I do have a confession to make, however. I sort of like Easton. Yeah, I know that Satan and his minions live below it and all that. I know that the architecture makes Walt Disney World look like the Parthenon. I know that it's basically sucked all of the business off of Morse, making it an even nastier road to drive down than it already is (unless you like parking lots and Taco Bell). But I like the stores. I like Anthropologie and Bigelow and White Barn and L'Occitane and Francesca's and Barnes & Noble and Smith & Hawken and even, God help me, Hot Topic (because it's hilarious to walk in and have everyone turn to look at the obese normal-looking middle-aged woman who just walked in). And I don't even fit any of the clothes they sell in those stores (those stores that sell clothes... no, Barnes & Noble does not have a clothing line, at least not one they're showing me).

It's all wish-fulfillment, I guess. It's pretty much the deeply American part of myself that wants to be able to walk around Easton and watch fun movies and wander into a store and buy some happiness. In fact, I want everyone to be able to do it. I think that everyone, the richest of the rich and the poorest of the poor, deserve to have a big bucket of popcorn, a huge diet pop and two and a half hours of Johnny Depp acting like a drunken English aristocrat. And then they deserve to go shopping and buy soap and nice clothes (even the ones I'll never be able to wear).
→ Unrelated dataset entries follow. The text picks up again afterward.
(* Algorithm A is exact once every difference of residue errors is below half the
   corresponding gcd m_ki: rounding then returns the exact quotient differences
   qhat_i = n_k Gamma_ki - n_i Gamma_ik, so n_k solves every congruence, and it is the
   least nonnegative solution because the solutions form one class modulo
   lcm_i Gamma_ik, which exceeds n_k since N < lcm P.
   In group j the errors differ by at most 2 tau_j < G_j / 2, so stage 1 returns the
   quotients of N mod delta_j; each of the L_j reconstructions of N mod delta_j is off by
   at most tau_j, hence so is their rounded mean. Stage 2 is A on the delta_j with
   2 tau_j + 2 tau_k < gcd (delta_j, delta_k), so it returns N div delta_j, and
   N div M_ji = (N div delta_j) (delta_j / M_ji) + (N mod delta_j) div M_ji. *)

Lemma rnd_addMl (q d : int) (m : nat) : (0 < m)%N ->
  rnd (q * m%:Z + d) m = q + rnd d m.
Proof.
move=> m_gt0; rewrite /rnd.
have -> : 2 * (q * m%:Z + d) + m%:Z = q * (2 * m)%N%:Z + (2 * d + m%:Z).
  by rewrite PoszM; ring.
by rewrite divzMDl // eqz_nat; lia.
Qed.

Lemma rnd_small (d : int) (m : nat) : 2 * `|d| < m%:Z -> rnd d m = 0.
Proof.
move=> hd; rewrite /rnd divz_small //; apply/andP; split;
  rewrite ?/absz; move: hd; case: (ler0P d) => hd0 hd; lia.
Qed.

Lemma rnd_exact (q d : int) (m : nat) : 2 * `|d| < m%:Z ->
  rnd (q * m%:Z + d) m = q.
Proof.
move=> hd; rewrite rnd_addMl ?rnd_small ?addr0 //.
by move: hd; rewrite -ltz_nat; lia.
Qed.

Lemma rnd_sum_le (R : realFieldType) (L : nat) (e : 'I_L -> int) (t : R) :
  (0 < L)%N -> (forall i, `|(e i)%:~R| <= t) ->
  `|(rnd (\sum_i e i) L)%:~R| <= t.
Proof.
move=> L_gt0 he; set S := \sum_i e i; set E := rnd S L.
have L2_gt0 : 0 < (2 * L)%N%:Z by rewrite ltz_nat; lia.
have lo := lez_floor (2 * S + L%:Z) (lt0r_neq0 L2_gt0).
have hi := ltz_ceil (2 * S + L%:Z) L2_gt0.
rewrite -/(rnd S L) -/E in lo hi.
have sum_const (c : int) : \sum_(i < L) c = L%:Z * c.
  by rewrite sumr_const card_ord -mulr_natl natz.
rewrite ler_norml; apply/andP; split.
- case: (lerP (- t) E%:~R) => // ltE; exfalso.
  have : L%:Z * (E + 1) <= S.
    rewrite -sum_const; apply: ler_sum => i _.
    have := he i; rewrite ler_norml => /andP [hei _].
    have : E%:~R < (e i)%:~R :> R by apply: lt_le_trans hei.
    by rewrite ltr_int; lia.
  nia.
- case: (lerP E%:~R t) => // ltE; exfalso.
  have : S <= L%:Z * (E - 1).
    rewrite -sum_const; apply: ler_sum => i _.
    have := he i; rewrite ler_norml => /andP [_ hei].
    have : (e i)%:~R < E%:~R :> R by apply: le_lt_trans hei ltE.
    by rewrite ltr_int; lia.
  nia.
Qed.

Lemma lcml_dvdE (s : seq nat) (c : nat) :
  (lcml s %| c)%N = all (fun m => m %| c)%N s.
Proof. by elim: s => [|a s IH] /=; rewrite ?dvd1n // dvdn_lcm IH. Qed.

Lemma dvdn_lcml_mem (s : seq nat) m : m \in s -> (m %| lcml s)%N.
Proof. by move=> ms; move: (dvdnn (lcml s)); rewrite lcml_dvdE => /allP; apply. Qed.

Lemma lcml_gt0 (s : seq nat) : all (fun m => 0 < m)%N s -> (0 < lcml s)%N.
Proof. by elim: s => [|a s IH] //= /andP [a_gt0 /IH]; rewrite lcmn_gt0 a_gt0. Qed.

Lemma eqn_mod_lcml (s : seq nat) (y z : nat) :
  (y == z %[mod lcml s]) = all (fun m => y == z %[mod m]) s.
Proof.
wlog yz : y z / (z <= y)%N => [hw|].
  case: (leqP z y) => [/hw // | /ltnW zy].
  by rewrite eq_sym hw //; apply: eq_all => m; rewrite eq_sym.
by rewrite eqn_mod_dvd // lcml_dvdE; apply: eq_all => m; rewrite eqn_mod_dvd.
Qed.

Lemma find_eqn_mod_iota (B z : nat) : (z < B)%N ->
  find (fun y => y == z %[mod B]) (iota 0 B) = z.
Proof.
move=> zB; rewrite -[RHS](index_uniq 0 _ (iota_uniq 0 B)) ?size_iota // nth_iota //.
apply: eq_in_find => y; rewrite mem_iota /= => yB.
by rewrite !modn_small.
Qed.

Lemma coprime_divn_gcd (a b : nat) : (0 < gcdn a b)%N ->
  coprime (a %/ gcdn a b) (b %/ gcdn a b).
Proof.
move=> g_gt0; rewrite /coprime -(eqn_pmul2r g_gt0) mul1n muln_gcdl.
by rewrite !divnK ?dvdn_gcdl ?dvdn_gcdr.
Qed.

Lemma xihat_modE P k x i (n1 n2 : nat) : (0 < mki P k i)%N ->
  qhat P k x i = (n1 * Gki P k i)%N%:Z - (n2 * Gik P k i)%N%:Z ->
  modz (xihat P k x i) (Gik P k i)%:Z = modz n1%:Z (Gik P k i)%:Z.
Proof.
move=> m_gt0 hq; rewrite /xihat modz_mod /barG.
case: egcdzP => u v + _.
have /eqP coG := coprime_divn_gcd m_gt0.
rewrite /gcdz /= /Gki /Gik -/(mki P k i) coG => bezout.
rewrite hq !PoszM.
have -> : (n1%:Z * (Gki P k i)%:Z - n2%:Z * (Gik P k i)%:Z) * u
    = (- n1%:Z * v - n2%:Z * u) * (Gik P k i)%:Z
      + n1%:Z * (u * (Gki P k i)%:Z + v * (Gik P k i)%:Z) by ring.
by rewrite bezout mulr1 modzMDl.
Qed.

Lemma boundE P k : bound P k = lcml [seq Gik P k i | i <- others P k].
Proof. by rewrite /lcml foldr_map. Qed.

Section SingleStage.
Variables (P : seq nat) (k : nat) (x : seq int) (X : nat).
Hypotheses (P_pos : all (fun m => 0 < m)%N P) (k_lt : (k < size P)%N).
Local Notation p := (nth 0%N P).

Lemma nth_gt0 i : (i < size P)%N -> (0 < p i)%N.
Proof. by move=> iP; apply: (allP P_pos); apply: mem_nth. Qed.

Lemma mki_gt0 i : (0 < mki P k i)%N.
Proof. by rewrite gcdn_gt0 nth_gt0. Qed.

Lemma Gki_mki i : (Gki P k i * mki P k i)%N = p k.
Proof. by rewrite divnK ?dvdn_gcdl. Qed.

Lemma Gik_mki i : (Gik P k i * mki P k i)%N = p i.
Proof. by rewrite divnK ?dvdn_gcdr. Qed.

Lemma Gik_gt0 i : (i < size P)%N -> (0 < Gik P k i)%N.
Proof. by move=> /nth_gt0; rewrite -Gik_mki muln_gt0 => /andP []. Qed.

Lemma lcml_dvdn_mul_bound : (lcml P %| p k * bound P k)%N.
Proof.
rewrite lcml_dvdE; apply/allP => _ /(nthP 0%N) [i iP <-].
have [-> | ik] := eqVneq i k; first exact: dvdn_mulr.
rewrite -(Gik_mki i) mulnC dvdn_mul ?dvdn_gcdl // boundE dvdn_lcml_mem //.
by apply: map_f; rewrite mem_filter mem_iota ik iP.
Qed.

Hypothesis X_lt : (X < lcml P)%N.

Lemma quot_lt_bound : (X %/ p k < bound P k)%N.
Proof.
rewrite ltn_divLR ?nth_gt0 // mulnC; apply: leq_trans X_lt _.
by apply: dvdn_leq lcml_dvdn_mul_bound; rewrite muln_gt0 nth_gt0 // boundE lcml_gt0 // all_map;
  apply/allP => i; rewrite mem_filter mem_iota => /andP [_ /= iP]; apply: Gik_gt0.
Qed.

Hypothesis x_err : forall i, (i < size P)%N -> i != k ->
  2 * `|(x`_i - (X %% p i)%N%:Z) - (x`_k - (X %% p k)%N%:Z)| < (gcdn (p k) (p i))%:Z.

Lemma qhat_exact i : (i < size P)%N -> i != k ->
  qhat P k x i = (X %/ p k * Gki P k i)%N%:Z - (X %/ p i * Gik P k i)%N%:Z.
Proof.
move=> iP ik; rewrite /qhat -[RHS](rnd_exact _ (x_err iP ik)).
congr rnd.
rewrite -/(mki P k i) mulrBl -!PoszM -!mulnA Gki_mki Gik_mki.
by move: (divn_eq X (p i)) (divn_eq X (p k)); lia.
Qed.

Lemma congr_okE y : congr_ok P k x y = (y == X %/ p k %[mod bound P k]).
Proof.
rewrite /congr_ok boundE eqn_mod_lcml all_map; apply: eq_in_all => i.
rewrite mem_filter mem_iota add0n => /andP [ik /andP [_ iP]] /=.
by rewrite (xihat_modE (mki_gt0 i) (qhat_exact iP ik)) !modz_nat eqz_nat.
Qed.

Lemma nkhat_exact : nkhat P k x = (X %/ p k)%N.
Proof. by rewrite /nkhat (eq_find congr_okE) find_eqn_mod_iota // quot_lt_bound. Qed.

Lemma algA_exact :
  algA P k x = Some [seq (X %/ p i)%N%:Z | i <- iota 0 (size P)].
Proof.
rewrite /algA nkhat_exact quot_lt_bound; congr Some.
apply/eq_in_map => i; rewrite mem_iota add0n => /andP [_ iP].
have [-> // | ik] := eqVneq i k.
rewrite qhat_exact // opprB addrC subrK PoszM mulzK //.
by rewrite eqz_nat -lt0n Gik_gt0.
Qed.

End SingleStage.

Lemma minG_le (P : seq nat) i q : q != i -> (q < size P)%N ->
  (minG P i <= gcdn (nth 0%N P i) (nth 0%N P q))%N.
Proof.
move=> qi qP; rewrite /minG -minEnat.
exact: (@bigmin_le_cond _ _ _ _ (Ordinal qP) (fun q : 'I_(size P) => q != i :> nat)
   (fun q : 'I_(size P) => gcdn (nth 0%N P i) (nth 0%N P q))).
Qed.

Lemma twice_normB_lt (R : realFieldType) (a b : int) (ta tb : R) (g : nat) :
  `|a%:~R| <= ta -> `|b%:~R| <= tb -> 2 * ta + 2 * tb < g%:R ->
  2 * `|a - b| < g%:Z.
Proof.
move=> ha hb hg; rewrite -(ltr_int R) intrM intr_norm intrB.
have := ler_normB (a%:~R : R) b%:~R.
change (g%:Z%:~R) with (g%:R : R); change ((2 : int)%:~R) with (2 : R); lra.
Qed.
Of course, the most American part of this little scenario is that it's not like it would solve anything, certainly not the question of why some people get to do these things so much they take them for granted, some get to do these things but not often enough to take them for granted, some will never get to do them, and some (including dear friends of mine) wouldn't do them for any reason. But maybe honesty counts for something. Maybe just praying to be Keira Knightley would be a better choice.

*Excuse my rant, but I know those are a nice sentiment and everything, but who believes that any of these celebrities read? OK, maybe Ani DiFranco, but seriously, Britney Spears? I see these posters with glamorous, or someone's idea of glamorous, celebrities on them and think that none of them, no matter who is on them, is going to convince anyone to read. Because none of those people got to be famous by reading! They got famous by being artistically creative, by being athletically talented, or by being sluts, but none of them got famous by being hyperliterate. I think it would be more honest to say to kids, "Look, your chances of ending up on the butt end of society increase exponentially if you can't bring yourself to crack open a book every once in a while because *you* might want to know what's inside, not because someone is making you do it." But that would make a crap poster.

1 Comments:

Blogger The Surtsey Islander said...

And by "sluts," I mean Emeril Lagasse and Bill Gates. Of course.